The task: The output is the lines below from the one with "Definition ivec := nat -> C." through the one with "(limn (series (fun k => complex.Re", both included, printed exactly and with no other line.

Dataset entries:
(* Let $G$ be a finite $p$-group, $k=\mathbb F_p$, and let $L,N$ be normal subgroups of $G$. Then (1) $\mathcal I(L)\mathcal I(N)kG+\mathcal I(N)\mathcal I(L)kG=\mathcal I([L,N])kG+\mathcal I(N)\mathcal I(L)kG$; (2) for every $n\ge1$, $\mathcal J^n(N,G)=\sum_{i=1}^{n}\mathcal I(N)^{n+1-i}\,\mathcal I(\gamma_i^G(N))kG$.
   Context: $\mathcal I(X)$ is the augmentation ideal of $kX$, viewed inside $kG$. The ideals $\mathcal J^n(N,G)$ are defined by $\mathcal J^1(N,G)=\mathcal I(N)\mathcal I(G)$ and $\mathcal J^{n+1}(N,G)=\mathcal I(N)\mathcal J^n(N,G)+\mathcal J^n(N,G)\mathcal I(N)$. The relative lower central series is $\gamma_1^G(N)=G$, $\gamma_{n+1}^G(N)=[\gamma_n^G(N),N]$. *)

From mathcomp Require Import all_boot all_order all_algebra all_fingroup all_solvable pgroup commutator.
Set Implicit Arguments. Unset Strict Implicit. Unset Printing Implicit Defensive.
Import GRing.Theory.
Local Open Scope ring_scope.
Local Open Scope group_scope.

(* Group algebra over a coefficient ring k: elements of kgT are finitely
   supported functions gT -> k; kG is the subspace of functions supported
   in G. *)
Section GroupAlgebra.
Variables (gT : finGroupType) (k : nzRingType).

Definition galg := {ffun gT -> k}.

Definition gmul (f g : galg) : galg :=
  [ffun z => (\sum_(x : gT) f x * g (x^-1 * z)%g)%R].

Definition subsp := galg -> Prop.

Definition kspan (X : {set gT}) : subsp :=
  fun f => forall x, x \notin X -> f x = 0%R.

Definition aug (X : {set gT}) : subsp :=
  fun f => kspan X f /\ (\sum_(x : gT) f x = 0)%R.

Definition prodsp (U V : subsp) : subsp :=
  fun f => exists s : seq (galg * galg),
      (forall uv, uv \in s -> U uv.1 /\ V uv.2) /\
      f = (\sum_(uv <- s) gmul uv.1 uv.2)%R.
(* Let $\mathcal{C}=\{\mathcal{N}_1,\dots,\mathcal{N}_k\}$ be a clustering of a finite set of elements into $k$ clusters in which every element belongs to at least one and at most two clusters. If for every triple of distinct clusters $p,q,r\in[k]$ we have $\mathcal{N}_p\setminus(\mathcal{N}_q\cup\mathcal{N}_r)\neq\emptyset$, then every cluster $\mathcal{N}_i$ is maximal.
   Context: Two elements test positive if they belong to a common cluster. A cluster $\mathcal{N}_i$ is maximal if there is no element $x\notin\mathcal{N}_i$ that tests positive with every element of $\mathcal{N}_i$. *)

From mathcomp Require Import all_boot.
Set Implicit Arguments. Unset Strict Implicit. Unset Printing Implicit Defensive.

Definition tests_positive (T : finType) (k : nat) (N : 'I_k -> {set T}) (x y : T) : Prop :=
  exists j : 'I_k, x \in N j /\ y \in N j.

Definition maximal_cluster (T : finType) (k : nat) (N : 'I_k -> {set T}) (i : 'I_k) : Prop :=
  ~ exists x : T, x \notin N i /\ (forall y, y \in N i -> tests_positive N x y).

Definition nclusters (T : finType) (k : nat) (N : 'I_k -> {set T}) (x : T) : nat :=
  #|[set j : 'I_k | x \in N j]|.

From mathcomp Require Import all_boot.

Set Implicit Arguments.
Unset Strict Implicit.
Unset Printing Implicit Defensive.

(* If x lies outside N i but tests positive with all of N i, cover the (at most
   two) clusters containing x by two clusters q, r different from i.  An element
   of N i outside N q and N r then shares no cluster with x. *)

Lemma exists_notin_set2 (T : finType) (a b : T) :
  2 < #|T| -> exists z, z \notin [set a; b].
Proof.
move=> hT; have /subsetPn [z _ zab] : ~~ ([set: T] \subset [set a; b]).
  apply: contraTN hT => /subset_leq_card; rewrite cardsT cards2 -leqNgt.
  by move/leq_trans; apply; case: (a != b).
by exists z.
Qed.

Lemma pair_cover (T : finType) (S : {set T}) (i : T) :
  2 < #|T| -> #|S| <= 2 -> i \notin S ->
  exists q r, [/\ q != r, q != i, r != i & S \subset [set q; r]].
Proof.
move=> hT hS iS.
have cover_single a : a != i -> S \subset [set a] -> exists q r,
    [/\ q != r, q != i, r != i & S \subset [set q; r]].
  move=> ai Sa; have [r] := exists_notin_set2 i a hT.
  rewrite !inE negb_or => /andP [ri ra].
  exists a, r; split; rewrite // 1?eq_sym //.
  by apply: subset_trans Sa _; apply/subsetP => z; rewrite !inE => ->.
move: hS; rewrite leq_eqVlt ltnS leq_eqVlt ltnS leqn0.
case/or3P => [/cards2P [q [r [qr defS]]] | /cards1P [a defS] | /eqP/cards0_eq defS].
- exists q, r; rewrite -defS; split=> //.
    by apply: contraNneq iS => <-; rewrite defS !inE eqxx.
  by apply: contraNneq iS => <-; rewrite defS !inE eqxx orbT.
- apply: cover_single; last by rewrite defS.
  by apply: contraNneq iS => <-; rewrite defS inE.
- have [a] := exists_notin_set2 i i hT; rewrite !inE orbb => ai.
  by apply: (cover_single a) => //; rewrite defS sub0set.
Qed.

Lemma tests_positive_cover (T : finType) (k : nat) (N : 'I_k -> {set T})
    (x y : T) (q r : 'I_k) :
  tests_positive N x y -> [set j | x \in N j] \subset [set q; r] ->
  y \in N q :|: N r.
Proof.
move=> [j [xj yj]] /subsetP /(_ j); rewrite !inE xj => /(_ isT).
by case/orP => /eqP <-; rewrite yj ?orbT.
Qed.

Theorem lemma6 (T : finType) (k : nat) (N : 'I_k -> {set T}) :
  2 < k ->
  (forall x : T, 1 <= nclusters N x <= 2) ->
  (forall p q r : 'I_k, p != q -> p != r -> q != r ->
     N p :\: (N q :|: N r) != set0) ->
  forall i : 'I_k, maximal_cluster N i.
Proof.
move=> hk hcl hsep i [x [xNi hpos]].
have /andP [_ le2] := hcl x.
have iNx : i \notin [set j | x \in N j] by rewrite inE.
rewrite -[k]card_ord in hk.
have [q [r [qr qi ri xqr]]] := pair_cover hk le2 iNx.
have /set0Pn [y] : N i :\: (N q :|: N r) != set0
  by apply: hsep; rewrite // eq_sym.
rewrite inE => /andP [yqr yi].
by rewrite (tests_positive_cover (hpos y yi) xqr) in yqr.
Qed.
(* Suppose the weights satisfy the discrete Pearson equations $\theta(k+1)w^{(a)}(k+1)=\sigma^{(a)}(k)w^{(a)}(k)$, $k\in\mathbb N_0$, $a\in\{1,2\}$, where $\theta,\sigma^{(1)},\sigma^{(2)}$ are polynomials, $\theta(0)=0$, $\deg\theta=N$ and $\max(\deg\sigma^{(1)},\deg\sigma^{(2)})=M$. Then the Laguerre--Freud matrix $\Psi:=\Pi^{-1}\theta(T)$ is a banded matrix with lower bandwidth $2M$ and upper bandwidth $N$, i.e. $\Psi=(\Lambda^\top)^{2M}\psi^{(-2M)}+\cdots+\psi^{(N)}\Lambda^N$ with diagonal matrices $\psi^{(j)}$, and the following connection formulas hold: \[ \theta(z)B(z-1)=\Psi B(z),\qquad (A^{(a)}(z+1))^\top\sigma^{(a)}(z)=(A^{(a)}(z))^\top\Psi,\quad a\in\{1,2\}. \]
   Context: Let $w^{(1)},w^{(2)}:\mathbb N_0\to\mathbb C$ be weights, $X(x)=(1,x,x^2,\dots)^\top$, $X^{(1)}(x)=(1,0,x,0,x^2,\dots)^\top$, $X^{(2)}(x)=(0,1,0,x,0,\dots)^\top$, and $\mathscr M=\sum_k X(k)(w^{(1)}(k)X^{(1)}(k)+w^{(2)}(k)X^{(2)}(k))^\top$ the moment matrix (series absolutely convergent). Assume all leading principal minors of $\mathscr M$ are nonzero, so $\mathscr M=S^{-1}H\tilde S^{-\top}$ with $S,\tilde S$ lower unitriangular and $H$ diagonal. Type II polynomials: $B=SX$; type I polynomials: $A^{(a)}=H^{-1}\tilde SX^{(a)}$. $\Lambda$ has ones on the first superdiagonal; $T=S\Lambda S^{-1}$ (so $TB(z)=zB(z)$). $L$ is the Pascal matrix $L_{n,m}=\binom nm$ for $n\ge m$, and $\Pi^{-1}=SL^{-1}S^{-1}$. *)

From HB Require Import structures.
From mathcomp Require Import all_boot all_order all_algebra.
From mathcomp Require Import boolp classical_sets reals topology normedtype sequences.
From mathcomp Require Import complex.

Set Implicit Arguments.
Unset Strict Implicit.
Unset Printing Implicit Defensive.

Import Order.TTheory GRing.Theory Num.Theory.
Import numFieldTopology.Exports numFieldNormedType.Exports.
Local Open Scope ring_scope.
Local Open Scope complex_scope.

Section Defs.
Variable R : realType.
Local Notation C := R[i].

Definition imat := nat -> nat -> C.
Definition ivec := nat -> C.

Definition cmod (z : C) : R := Num.sqrt (complex.Re z ^+ 2 + complex.Im z ^+ 2).

Definition abs_summable (u : nat -> C) : Prop :=
  cvgn (series (fun k => cmod (u k))).

Definition csum (u : nat -> C) : C :=
  (limn (series (fun k => complex.Re (u k)))) +i* (limn (series (fun k => complex.Im (u k)))).

Definition fin_supp (u : nat -> C) : Prop :=
  exists N : nat, forall j, (N <= j)%N -> u j = 0.

(* sum of a finitely supported sequence; (junk value 0 otherwise) *)
Definition fsum (u : nat -> C) : C :=
  match pselect (fin_supp u) with
  | left h => \sum_(j < projT1 (cid h)) u j
  | right _ => 0
  end.

(* product of infinite matrices (meaningful for row-finite left factors) *)
Definition mmul (A B : imat) : imat := fun n m => fsum (fun j => A n j * B j m).
Definition mvmul (A : imat) (v : ivec) : ivec := fun n => fsum (fun j => A n j * v j).
Definition vmmul (v : ivec) (A : imat) : ivec := fun m => fsum (fun n => v n * A n m).

Definition idm : imat := fun n m => (n == m)%:R.
Definition trm (A : imat) : imat := fun n m => A m n.
Definition mpow (A : imat) (k : nat) : imat := iter k (mmul A) idm.
Definition polymx (p : {poly C}) (A : imat) : imat :=
  fun n m => \sum_(i < size p) p`_i * mpow A i n m.

Definition trunc (A : imat) (n : nat) : 'M[C]_n := \matrix_(i < n, j < n) A i j.

(* inverse of an (invertible) lower triangular infinite matrix, computed on
   finite leading truncations *)
Definition ltinv (A : imat) : imat :=
  fun n m => (invmx (trunc A (maxn n m).+1)) (inord n) (inord m).

Definition lower_unitriangular (A : imat) : Prop :=
  forall n m, ((n < m)%N -> A n m = 0) /\ A n n = 1.
Definition diagonal_mx (A : imat) : Prop :=
  forall n m, n != m -> A n m = 0.

Definition Lam : imat := fun n m => (m == n.+1)%:R.
Definition pascal : imat := fun n m => ('C(n, m))%:R.

Definition Xv (x : C) : ivec := fun n => x ^+ n.
Definition X1v (x : C) : ivec := fun n => if odd n then 0 else x ^+ n./2.
Definition X2v (x : C) : ivec := fun n => if odd n then x ^+ n./2 else 0.

Definition moment_term (w1 w2 : nat -> C) (n m : nat) : nat -> C :=
  fun k => (k%:R : C) ^+ n * (w1 k * X1v k%:R m + w2 k * X2v k%:R m).
Definition moment (w1 w2 : nat -> C) : imat :=
  fun n m => csum (moment_term w1 w2 n m).

Definition Jacobi (S : imat) : imat := mmul (mmul S Lam) (ltinv S).
Definition Piinv (S : imat) : imat := mmul (mmul S (ltinv pascal)) (ltinv S).
Definition LFmatrix (S : imat) (theta : {poly C}) : imat :=
  mmul (Piinv S) (polymx theta (Jacobi S)).

Definition typeII (S : imat) (z : C) : ivec := mvmul S (Xv z).
Definition typeI (H St : imat) (Xa : C -> ivec) (z : C) : ivec :=
  mvmul (mmul (ltinv H) St) (Xa z).

End Defs.

From HB Require Import structures.
From mathcomp Require Import all_boot all_order all_algebra.
From mathcomp Require Import boolp classical_sets reals topology normedtype sequences.
From mathcomp Require Import complex functions.
From mathcomp Require Import zify ring.

(* Since T = S Lam S^-1 and Pi^-1 = S L^-1 S^-1, conjugation by S gives Psi = S Q S^-1
   with Q = L^-1 theta(Lam).  As Lam X(z) = z X(z) and L X(z) = X(z + 1), Q maps X(z) to
   theta(z) X(z - 1): this is the type II formula, and Q has upper bandwidth N.  Summing by
   parts with the Pearson equations (the boundary term vanishes because theta(0) = 0) gives
   Q Mom = Mom U^T for the banded matrix U with U X^(a)(z) = sigma^(a)(z) X^(a)(z + 1).
   Inserting Mom = S^-1 H St^-T turns S Q S^-1 into H St^-T U^T St^T H^-1, which has lower
   bandwidth 2M and, multiplied on the left by A^(a)(z)^T = X^(a)(z)^T St^T H^-1, yields the
   type I formulas. *)

Set Implicit Arguments.
Unset Strict Implicit.
Unset Printing Implicit Defensive.

Import Order.TTheory GRing.Theory Num.Theory.
Import numFieldTopology.Exports numFieldNormedType.Exports.
Local Open Scope ring_scope.
Local Open Scope complex_scope.

Section LaguerreFreud.

Variable R : realType.
Local Notation C := R[i].
Local Notation imat := (imat R).
Implicit Types (A B D S U X Y : imat) (u v : nat -> C) (x : ivec R).

(** * Row-finite products of infinite matrices *)

Lemma fsumE u K : (forall j, (K <= j)%N -> u j = 0) -> fsum u = \sum_(j < K) u j.
Proof.
have widen K1 K2 : (K1 <= K2)%N -> (forall j, (K1 <= j)%N -> u j = 0) ->
    \sum_(j < K1) u j = \sum_(j < K2) u j.
  move=> le uz; rewrite (big_ord_widen K2 u le) big_mkcond /=.
  by apply: eq_bigr => j _; case: ltnP => // /uz.
move=> uz; rewrite /fsum; case: pselect => [h|[]]; last by exists K.
case: (cid h) => K' uz' /=; case: (leqP K K') => le; first by rewrite (widen _ _ le uz).
by rewrite (widen _ _ (ltnW le) uz').
Qed.

Lemma fsum0 u : (forall j, u j = 0) -> fsum u = 0.
Proof. by move=> u0; rewrite (fsumE (K:=0)) ?big_ord0. Qed.

Lemma fsumZ c u : fsum (fun j => c * u j) = c * fsum u.
Proof.
have [->|c0] := eqVneq c 0; first by rewrite mul0r fsum0 // => j; rewrite mul0r.
case: (pselect (fin_supp u)) => [[K uK]|not_fin].
  rewrite (fsumE uK) (fsumE (K:=K)) ?mulr_sumr // => j /uK ->; exact: mulr0.
have not_fin' : ~ fin_supp (fun j => c * u j).
  case=> K cuK; apply: not_fin; exists K => j /cuK /eqP.
  by rewrite mulf_eq0 (negbTE c0) => /eqP.
by rewrite /fsum; do 2!case: pselect => // _; rewrite mulr0.
Qed.

Lemma fsum_delta p u : fsum (fun j => (j == p)%:R * u j) = u p.
Proof.
rewrite (fsumE (K:=p.+1)) => [|j hj]; last by rewrite gtn_eqF ?mul0r.
by rewrite big_ord_recr /= eqxx mul1r big1 ?add0r // => j _; rewrite ltn_eqF ?mul0r.
Qed.

Definition upper_banded A a := forall n m, (n + a < m)%N -> A n m = 0.
Definition lower_banded A a := forall n m, (m + a < n)%N -> A n m = 0.

Lemma upper_banded_le A a b : (a <= b)%N -> upper_banded A a -> upper_banded A b.
Proof. by move=> le_ab hA n m lt; apply: hA; lia. Qed.

Lemma lower_banded_le A a b : (a <= b)%N -> lower_banded A a -> lower_banded A b.
Proof. by move=> le_ab hA n m lt; apply: hA; lia. Qed.

Lemma upper_banded_idm : upper_banded (idm R) 0.
Proof. by move=> n m lt; rewrite /idm ltn_eqF // -(addn0 n). Qed.

Lemma mmul_upperE A B a n m K : upper_banded A a -> (n + a < K)%N ->
  mmul A B n m = \sum_(j < K) A n j * B j m.
Proof. by move=> hA hK; apply: fsumE => j hj; rewrite hA ?mul0r //; lia. Qed.

Lemma upper_banded_mmul A B a b :
  upper_banded A a -> upper_banded B b -> upper_banded (mmul A B) (a + b).
Proof.
move=> hA hB n m lt; apply: fsum0 => j.
by case: (leqP j (n + a)) => hj; [rewrite hB ?mulr0 //; lia | rewrite hA ?mul0r].
Qed.

Lemma lower_banded_mmul A B a b :
  lower_banded A a -> lower_banded B b -> lower_banded (mmul A B) (a + b).
Proof.
move=> hA hB n m lt; apply: fsum0 => j.
by case: (ltnP (j + a) n) => hj; [rewrite hA ?mul0r | rewrite hB ?mulr0 //; lia].
Qed.

Lemma trm_mmul A B : trm (mmul A B) = mmul (trm B) (trm A).
Proof.
by apply: funext => n; apply: funext => m; congr fsum; apply: funext => j; rewrite mulrC.
Qed.

Lemma trm_idm : trm (idm R) = idm R.
Proof. by apply: funext => n; apply: funext => m; rewrite /trm /idm eq_sym. Qed.

Lemma upper_banded_trm A a : lower_banded A a -> upper_banded (trm A) a.
Proof. by move=> hA n m; apply: hA. Qed.

Lemma lower_banded_trm A a : upper_banded A a -> lower_banded (trm A) a.
Proof. by move=> hA n m; apply: hA. Qed.

Lemma mmul1l A : mmul (idm R) A = A.
Proof.
apply: funext => n; apply: funext => m; rewrite -[RHS](fsum_delta n (A^~ m)).
by congr fsum; apply: funext => j; rewrite /idm eq_sym.
Qed.

Lemma mmul1r A : mmul A (idm R) = A.
Proof.
apply: funext => n; apply: funext => m; rewrite -[RHS](fsum_delta m (A n)).
by congr fsum; apply: funext => j; rewrite mulrC.
Qed.

Lemma mmulZl c A B : mmul (fun n m => c * A n m) B = fun n m => c * mmul A B n m.
Proof.
apply: funext => n; apply: funext => m; rewrite /mmul -fsumZ.
by congr fsum; apply: funext => j; rewrite mulrA.
Qed.

Lemma mmulA_at A B D n m J K :
  (forall j, (J <= j)%N -> A n j = 0) ->
  (forall j k, (j < J)%N -> (K <= k)%N -> B j k * D k m = 0) ->
  mmul (mmul A B) D n m = mmul A (mmul B D) n m.
Proof.
move=> hA hBD.
have AB_E k : mmul A B n k = \sum_(j < J) A n j * B j k.
  by apply: fsumE => j /hA ->; rewrite mul0r.
have BD_E j : (j < J)%N -> mmul B D j m = \sum_(k < K) B j k * D k m.
  by move=> hj; apply: fsumE => k; apply: hBD.
transitivity (\sum_(k < K) mmul A B n k * D k m).
  apply: fsumE => k hk; rewrite AB_E mulr_suml big1 // => j _.
  by rewrite -mulrA hBD ?mulr0.
rewrite [RHS](fsumE (K:=J)); last by move=> j /hA ->; rewrite mul0r.
under eq_bigr do rewrite AB_E mulr_suml.
rewrite exchange_big /=; apply: eq_bigr => j _.
by rewrite BD_E // mulr_sumr; apply: eq_bigr => k _; rewrite mulrA.
Qed.

Lemma mmulA_upper A B D a b : upper_banded A a -> upper_banded B b ->
  mmul (mmul A B) D = mmul A (mmul B D).
Proof.
move=> hA hB; apply: funext => n; apply: funext => m.
apply: (mmulA_at (J:=(n + a).+1) (K:=(n + a + b).+1)) => [j hj|j k hj hk].
  by apply: hA; lia.
by rewrite hB ?mul0r //; lia.
Qed.

Lemma mmulA_upper_lower A B D a d : upper_banded A a -> lower_banded D d ->
  mmul (mmul A B) D = mmul A (mmul B D).
Proof.
move=> hA hD; apply: funext => n; apply: funext => m.
apply: (mmulA_at (J:=(n + a).+1) (K:=(m + d).+1)) => [j hj|j k hj hk].
  by apply: hA; lia.
by rewrite hD ?mulr0 //; lia.
Qed.

Lemma mmulA_lower A B D b d : lower_banded B b -> lower_banded D d ->
  mmul (mmul A B) D = mmul A (mmul B D).
Proof.
move=> hB hD.
have e : trm (mmul (mmul A B) D) = trm (mmul A (mmul B D)).
  rewrite !trm_mmul -(mmulA_upper _ (upper_banded_trm hD) (upper_banded_trm hB)).
  by rewrite -trm_mmul.
by rewrite -[LHS]/(trm (trm (mmul (mmul A B) D))) e.
Qed.

Lemma upper_banded_sum q (c : 'I_q -> C) (F : 'I_q -> imat) a :
  (forall i, upper_banded (F i) a) -> upper_banded (fun n m => \sum_i c i * F i n m) a.
Proof. by move=> hF n m lt; rewrite big1 // => i _; rewrite hF ?mulr0. Qed.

Response to the exercise:
Definition ivec := nat -> C.

Definition cmod (z : C) : R := Num.sqrt (complex.Re z ^+ 2 + complex.Im z ^+ 2).

Definition abs_summable (u : nat -> C) : Prop :=
  cvgn (series (fun k => cmod (u k))).

Definition csum (u : nat -> C) : C :=
  (limn (series (fun k => complex.Re (u k)))) +i* (limn (series (fun k => complex.Im (u k)))).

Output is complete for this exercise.